US 12,136,138 B2
	Neural network training with acceleration
Shiyu Li, Durham, NC (US); Krishna T. Malladi, San Jose, CA (US); Andrew Chang, Los Altos, CA (US); and Yang Seok Ki, Palo Alto, CA (US)
Assigned to Samsung Electronics Co., Ltd., Yongin-si (KR)
Filed by Samsung Electronics Co., Ltd., Suwon-si (KR)
Filed on Feb. 11, 2022, as Appl. No. 17/670,044.
Claims priority of provisional application 63/278,799, filed on Nov. 12, 2021.
Claims priority of provisional application 63/278,381, filed on Nov. 11, 2021.
Prior Publication US 2023/0147472 A1, May 11, 2023
This patent is subject to a terminal disclaimer.
Int. Cl. G06T 1/60 (2006.01); G06F 13/40 (2006.01); G06F 16/22 (2019.01); G06T 1/20 (2006.01)

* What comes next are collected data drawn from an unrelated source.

Lemma extend_functional_spec L phi s c x : span_mod (s :: L) x ->
  exists r w, [/\ R r, span_mod L w, x = w + r * s &
                  extend_functional L phi s c x = phi w + r * c].
Proof.
move=> [r [w [Rr [Ww e]]]]; rewrite /extend_functional.
case: excluded_middle_informative => [H|H]; last by exfalso; apply: H; exists (r, w).
by case: (constructive_indefinite_description _ H) => [[r1 w1] [? [? ?]]]; exists r1, w1.
Qed.

Lemma extend_functional_R L phi s c x :
  (forall y, R (phi y)) -> R c -> R (extend_functional L phi s c x).
Proof.
move=> phiR Rc; rewrite /extend_functional.
case: excluded_middle_informative => [H|H]; last exact: subring0.
case: (constructive_indefinite_description _ H) => [[r1 w1] [Rr1 _]] /=.
by apply: subringD => //; exact: (subringM hR).
Qed.

(* The extension is well defined modulo M: its value on w + r s does not
   depend on the chosen decomposition, because s is independent of L. *)
Lemma extend_functional_value L phi s c w r :
  functional_on L phi -> ~ span_mod L s -> R c -> span_mod L w -> R r ->
  M (extend_functional L phi s c (w + r * s) - (phi w + r * c)).
Proof.
move=> [phiD _ phiMS _] nWs Rc Ww Rr; have hI := maximal_ideal_ideal.
have Wx : span_mod (s :: L) (w + r * s) by exists r, w.
have [r1 [w1 [Rr1 Ww1 e ->]]] := extend_functional_spec phi c Wx.
have e2 : (r - r1) * s = w1 - w.
  have -> : (r - r1) * s = (w + r * s) - w - r1 * s by ring.
  by rewrite e; ring.
have Mrr1 : M (r - r1).
  apply: (span_mod_indep nWs); first exact: (subringB hR).
  by rewrite e2; exact: span_modB.
have Mr1r : M (r1 - r) by rewrite -opprB; exact: (idealN hI).
have MSww1 : ext_ideal M (w - w1).
  have -> : w - w1 = (r1 - r) * s by rewrite -[r1 - r]opprB mulNr e2 opprB.
  exact: ext_ideal_gen.
have phi_add := phiD _ _ Ww1 (span_modB Ww Ww1).
rewrite [w1 + _]addrC subrK in phi_add.
have phi_diff := phiMS _ MSww1.
have Mcr := idealMl hI Rc Mr1r.
have := idealD hI (idealD hI (idealN hI phi_add) (idealN hI phi_diff)) Mcr.
by congr M; ring.
Qed.

Lemma extend_functional_on L phi s c :
  functional_on L phi -> ~ span_mod L s -> R c ->
  functional_on (s :: L) (extend_functional L phi s c).
Proof.
move=> hphi nWs Rc; have hI := maximal_ideal_ideal.
have [phiD phiZ phiMS phiR] := hphi.
have value := extend_functional_value hphi nWs Rc.
split.
- move=> x y [r [w [Rr [Ww ->]]]] [r' [w' [Rr' [Ww' ->]]]].
  have e_sum : w + w' + (r + r') * s = w + r * s + (w' + r' * s) by ring.
  have vxy := value _ _ (span_modD Ww Ww') (subringD Rr Rr'); rewrite e_sum in vxy.
  have := idealD hI (idealD hI (idealB vxy (value _ _ Ww Rr))
                             (idealN hI (value _ _ Ww' Rr'))) (phiD _ _ Ww Ww').
  by congr M; ring.
- move=> t x Rt [r [w [Rr [Ww ->]]]].
  have vtx := value _ _ (span_modMl Rt Ww) (subringM hR Rt Rr).
  rewrite -mulrA -mulrDr in vtx.
  have := idealD hI (idealB vtx (idealMl hI Rt (value _ _ Ww Rr))) (phiZ _ _ Rt Ww).
  by congr M; ring.
- move=> x MSx.
  have vx := value _ _ (span_mod_ext L MSx) subring0.
  rewrite mul0r addr0 in vx.
  by have := idealD hI vx (phiMS _ MSx); congr M; ring.
- by move=> x; exact: extend_functional_R.
Qed.
Definition num_eqs : nat := \sum_(i < d) size (T i).
Definition max_ineqs : nat := \max_(i < d) size (U i).

End Defs.

From mathcomp Require Import all_boot all_algebra.
From mathcomp Require Import mpoly.
From mathcomp Require Import zify.
Set Implicit Arguments. Unset Strict Implicit. Unset Printing Implicit Defensive.
Import GRing.Theory.
Local Open Scope ring_scope.

(* If disjunct i of the DNF holds at x, take a = (prod_k u_ik(x))^-1: the i-th
   factor of p(a,-,x) is then the zero polynomial in b.  Conversely, if
   p(a,b,x) = 0 for all b in the infinite field K, then p(a,-,x) is the zero
   polynomial, hence so is one of its factors: all t_ij(x) vanish, and the
   vanishing constant term 1 - a prod_k u_ik(x) forces every u_ik(x) <> 0.
   For the CNF, if a is not in {1,...,d} the first factor of q vanishes at
   b = (prod_i (a - i))^-1.  If a = i, only the i-th summand survives: a
   constant, nonzero in characteristic 0, times prod_j t_ij(x) prod_k (1 - b u_ik(x)),
   which has a root b exactly when clause i holds at x. *)

Section DegreeInVariable.
Variables (R : nzRingType) (m : nat) (k : 'I_m).
Implicit Types (p q : {mpoly R[m]}) (N : nat).

Definition mdegv_le p N := forall mn, mn \in msupp p -> (mn k <= N)%N.

Lemma mdegv_le_weaken p N N' : (N <= N')%N -> mdegv_le p N -> mdegv_le p N'.
Proof. by move=> le h mn /h /leq_trans; apply. Qed.

Lemma mdegv_leC c N : mdegv_le c%:MP N.
Proof. by move=> mn; rewrite msuppC; case: (c == 0) => //; rewrite inE => /eqP ->; rewrite mnm0E. Qed.

Lemma mdegv_le0 N : mdegv_le 0 N.
Proof. by move=> mn; rewrite msupp0. Qed.

Lemma mdegv_le1 N : mdegv_le 1 N.
Proof. by move=> mn; rewrite msupp1 inE => /eqP ->; rewrite mnm0E. Qed.

Lemma mdegv_leX i : mdegv_le 'X_i (i == k).
Proof. by move=> mn; rewrite msuppX inE => /eqP ->; rewrite mnm1E. Qed.

Lemma mdegv_leXk : mdegv_le 'X_k 1.
Proof. by have := @mdegv_leX k; rewrite eqxx. Qed.

Lemma mdegv_leX_neq i : i != k -> mdegv_le 'X_i 0.
Proof. by move/negbTE=> ik; have := @mdegv_leX i; rewrite ik. Qed.

Lemma mdegv_leD p q N : mdegv_le p N -> mdegv_le q N -> mdegv_le (p + q) N.
Proof. by move=> hp hq mn /msuppD_le; rewrite mem_cat => /orP[/hp|/hq]. Qed.

Lemma mdegv_leB p q N : mdegv_le p N -> mdegv_le q N -> mdegv_le (p - q) N.
Proof. by move=> hp hq; apply: mdegv_leD => // mn; rewrite (perm_mem (msuppN q)); apply: hq. Qed.

Lemma mdegv_leM p q N1 N2 :
  mdegv_le p N1 -> mdegv_le q N2 -> mdegv_le (p * q) (N1 + N2).
Proof.
move=> hp hq mn /msuppM_le /allpairsP [[m1 m2] /= [h1 h2 ->]].
by rewrite mnmDE leq_add ?hp ?hq.
Qed.

Lemma mdegv_leZ c p N : mdegv_le p N -> mdegv_le (c *: p) N.
Proof. by move=> h; rewrite -mul_mpolyC -[N]add0n; apply: mdegv_leM => //; apply: mdegv_leC. Qed.

Lemma mdegv_le_exp p N e : mdegv_le p N -> mdegv_le (p ^+ e) (N * e).
Proof.
move=> h; elim: e => [|e IH]; first by rewrite expr0; apply: mdegv_le1.
by rewrite exprS mulnS; apply: mdegv_leM.
Qed.

Lemma mdegv_le_sum (I : Type) (r : seq I) (P : pred I) F N :
  (forall i, P i -> mdegv_le (F i) N) -> mdegv_le (\sum_(i <- r | P i) F i) N.
Proof.
move=> h; apply: (big_ind (mdegv_le^~ N)) => //; first exact: mdegv_le0.
by move=> p q; apply: mdegv_leD.
Qed.

Lemma mdegv_le_prod (I : Type) (r : seq I) (P : pred I) F Nf :
  (forall i, P i -> mdegv_le (F i) (Nf i)) ->
  mdegv_le (\prod_(i <- r | P i) F i) (\sum_(i <- r | P i) Nf i).
Proof.
move=> h; apply: (big_rec2 mdegv_le); first exact: mdegv_le1.
by move=> i p N Pi hp; apply: mdegv_leM => //; apply: h.
Qed.

Lemma mdegv_le_prod0 (I : Type) (r : seq I) (P : pred I) F :
  (forall i, P i -> mdegv_le (F i) 0) -> mdegv_le (\prod_(i <- r | P i) F i) 0.
Proof.
move=> h; apply: (mdegv_le_weaken (N := \sum_(i <- r | P i) 0%N)).
  by rewrite big1.
exact: mdegv_le_prod.
Qed.

End DegreeInVariable.

Lemma mdegv_le_bound (K : fieldType) m (k : 'I_m) (p : {mpoly K[m]}) N :
  mdegv_le k p N -> (mdegv p k <= N)%N.
Proof. by move=> h; apply/bigmax_leqP_seq => mn /h. Qed.

Section Coordinates.
Variables (K : fieldType) (n : nat).

Lemma varB_neq_varA : varB n != varA n.
Proof. by rewrite eq_sym neq_lift. Qed.

Lemma varX_neq_varA (i : 'I_n) : varX i != varA n.
Proof. by rewrite eq_sym neq_lift. Qed.

Lemma varX_neq_varB (i : 'I_n) : varX i != varB n.
Proof. by rewrite /varX /varB (inj_eq lift_inj) eq_sym neq_lift. Qed.

Lemma mdegv_le_liftx (k : 'I_n.+2) (t : {mpoly K[n]}) :
  (forall i, varX i != k) -> mdegv_le k (liftx t) 0.
Proof.
move=> hk; rewrite /liftx comp_mpolyE; apply: mdegv_le_sum => mn _.
apply: mdegv_leZ; apply: mdegv_le_prod0 => i _; rewrite tnth_mktuple.
by rewrite -(muln0 (mn i)) mulnC; apply/mdegv_le_exp/mdegv_leX_neq.
Qed.

Variables (a b : K) (x : 'I_n -> K).

Lemma env_varA : env a b x (varA n) = a.
Proof. by rewrite /env /varA unlift_none. Qed.

Lemma env_varB : env a b x (varB n) = b.
Proof. by rewrite /env /varB liftK unlift_none. Qed.
(* The families $\{d_\xi^{-1/2}\Pi_{\xi\alpha\beta}\}_{\xi,\alpha,\beta}$ and $\{d_\xi^{-1/2}\mathrm{Twirl}_{\xi\alpha\beta}\}_{\xi,\alpha,\beta}$ (over all isomorphism types $\xi$ occurring in $\mathcal L(V)$ and $1\le\alpha,\beta\le m_\xi$) are both orthonormal bases of $\mathrm{Hom}_G(\mathcal L(V),\mathcal L(V))$, which has dimension $\sum_\xi m_\xi^2$. Consequently the square matrix $U$ with entries \[ U_{(\xi,\alpha,\beta),(\rho,\mu,\nu)}=\Big\langle\!\!\Big\langle \tfrac1{\sqrt{d_\xi}}\Pi_{\xi\alpha\beta},\tfrac1{\sqrt{d_\rho}}\mathrm{Twirl}_{\rho\mu\nu}\Big\rangle\!\!\Big\rangle \] is unitary.
   Context: Let $G$ be a group and $V$ a finite-dimensional complex Hilbert space carrying a unitary representation $\rho$ of $G$; $G$ acts on $\mathcal L(V)$ by conjugation $g\cdot X=\rho(g)X\rho(g)^\dagger$, unitarily for the Hilbert–Schmidt inner product $\langle X_1,X_2\rangle=\mathrm{Tr}(X_1^\dagger X_2)$. Let $\mathcal L(V)=\bigoplus_\xi\mathcal E_\xi$ be the isotypic decomposition, $m_\xi$ the multiplicity and $d_\xi$ the dimension of the irreducible type $\xi$. Choose an orthogonal decomposition $\mathcal E_\xi=\bigoplus_{\alpha=1}^{m_\xi}\mathcal E_{\xi\alpha}$ into irreducible subrepresentations, $G$-equivariant isometric isomorphisms $\phi^\xi_{1\alpha}:\mathcal E_{\xi1}\to\mathcal E_{\xi\alpha}$ with $\phi^\xi_{11}=\mathrm{id}$, and set $\phi^\xi_{\alpha\beta}=\phi^\xi_{1\beta}(\phi^\xi_{1\alpha})^\dagger$. Fix an orthonormal basis $\{E_i^1\}_{i=1}^{d_\xi}$ of $\mathcal E_{\xi1}$ and put $E_i^\alpha=\phi^\xi_{1\alpha}(E_i^1)$ (the dependence on $\xi$ is suppressed). Define the projector matrix units $\Pi_{\xi\alpha\beta}(X)=\sum_{i=1}^{d_\xi}\langle E_i^\alpha,X\rangle E_i^\beta$ and twirl matrix units $\mathrm{Twirl}_{\xi\alpha\beta}(X)=\sum_{i=1}^{d_\xi}(E_i^\alpha)^\dagger XE_i^\beta$. On linear maps $\mathcal L(V)\to\mathcal L(V)$ use $\langle\!\langle\mathcal S,\mathcal T\rangle\!\rangle=\mathrm{Tr}(\mathcal S^\dagger\mathcal T)=\sum_{Y\in\mathcal B}\langle\mathcal S(Y),\mathcal T(Y)\rangle$ ($\mathcal B$ any orthonormal basis of $\mathcal L(V)$). $\mathrm{Hom}_G(\mathcal L(V),\mathcal L(V))$ is the space of $G$-equivariant linear maps. *)

From HB Require Import structures.
From mathcomp Require Import monoid.
From mathcomp Require Import all_boot all_order all_algebra.
From mathcomp Require Import complex.
From mathcomp Require Import reals.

CPC G06T 1/60 (2013.01) [G06F 13/4022 (2013.01); G06F 16/2237 (2019.01); G06F 16/2282 (2019.01); G06T 1/20 (2013.01)]

20 Claims

1. A system, comprising:

a graphics processing unit cluster; and

a computational storage cluster connected to the graphics processing unit cluster by a cache-coherent system interconnect,

wherein:

the graphics processing unit cluster comprises one or more graphics processing units,

the computational storage cluster comprises one or more computational storage devices, and

a first computational storage device of the one or more computational storage devices is configured to:

store an embedding table;

receive, from an interface associated with the cache-coherent system interconnect, an index vector comprising a first index and a second index; and

calculate an embedded vector based on:

a first row of the embedding table, corresponding to the first index, and

a second row of the embedding table, corresponding to the second index.